What you need to do — Print the data below exactly, but only the lines from the one containing "unfold Par. revert" down to the one containing "unfold Tstar, negE, Eadd, omega; simpl.", inclusive.

*** Entries provided

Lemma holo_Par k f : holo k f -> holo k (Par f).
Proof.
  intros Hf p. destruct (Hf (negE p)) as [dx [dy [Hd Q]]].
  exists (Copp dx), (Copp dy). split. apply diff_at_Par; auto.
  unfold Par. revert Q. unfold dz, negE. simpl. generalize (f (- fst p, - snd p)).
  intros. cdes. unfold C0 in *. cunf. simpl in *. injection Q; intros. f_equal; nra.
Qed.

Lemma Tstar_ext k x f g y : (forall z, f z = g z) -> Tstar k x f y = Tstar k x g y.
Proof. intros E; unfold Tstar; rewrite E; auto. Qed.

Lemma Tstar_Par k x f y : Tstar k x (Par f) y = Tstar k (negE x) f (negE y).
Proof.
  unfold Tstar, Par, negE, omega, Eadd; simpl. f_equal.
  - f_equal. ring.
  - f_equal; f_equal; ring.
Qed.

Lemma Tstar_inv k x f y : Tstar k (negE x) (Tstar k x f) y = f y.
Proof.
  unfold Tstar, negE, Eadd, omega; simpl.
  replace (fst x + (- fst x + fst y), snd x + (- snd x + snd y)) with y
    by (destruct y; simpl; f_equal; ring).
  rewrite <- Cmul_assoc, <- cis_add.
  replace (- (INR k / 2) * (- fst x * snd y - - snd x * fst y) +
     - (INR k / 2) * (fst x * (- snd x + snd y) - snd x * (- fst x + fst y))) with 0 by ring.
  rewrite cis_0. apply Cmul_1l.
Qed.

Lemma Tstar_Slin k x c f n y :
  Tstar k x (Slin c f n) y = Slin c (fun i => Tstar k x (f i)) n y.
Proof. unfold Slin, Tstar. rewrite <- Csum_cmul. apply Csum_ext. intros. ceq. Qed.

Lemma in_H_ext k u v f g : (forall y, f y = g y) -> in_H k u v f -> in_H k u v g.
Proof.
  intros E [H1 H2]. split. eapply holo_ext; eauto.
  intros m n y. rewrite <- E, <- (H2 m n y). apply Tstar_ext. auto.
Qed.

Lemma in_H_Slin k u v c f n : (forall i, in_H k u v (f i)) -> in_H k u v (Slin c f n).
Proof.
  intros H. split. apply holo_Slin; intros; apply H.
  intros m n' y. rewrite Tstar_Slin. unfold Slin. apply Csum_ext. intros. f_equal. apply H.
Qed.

******

Response box —
  unfold Par. revert Q. unfold dz, negE. simpl. generalize (f (- fst p, - snd p)).
  intros. cdes. unfold C0 in *. cunf. simpl in *. injection Q; intros. f_equal; nra.
Qed.

Lemma Tstar_ext k x f g y : (forall z, f z = g z) -> Tstar k x f y = Tstar k x g y.
Proof. intros E; unfold Tstar; rewrite E; auto. Qed.

Lemma Tstar_Par k x f y : Tstar k x (Par f) y = Tstar k (negE x) f (negE y).
Proof.
  unfold Tstar, Par, negE, omega, Eadd; simpl. f_equal.
  - f_equal. ring.
  - f_equal; f_equal; ring.
Qed.

Lemma Tstar_inv k x f y : Tstar k (negE x) (Tstar k x f) y = f y.
Proof.
  unfold Tstar, negE, Eadd, omega; simpl.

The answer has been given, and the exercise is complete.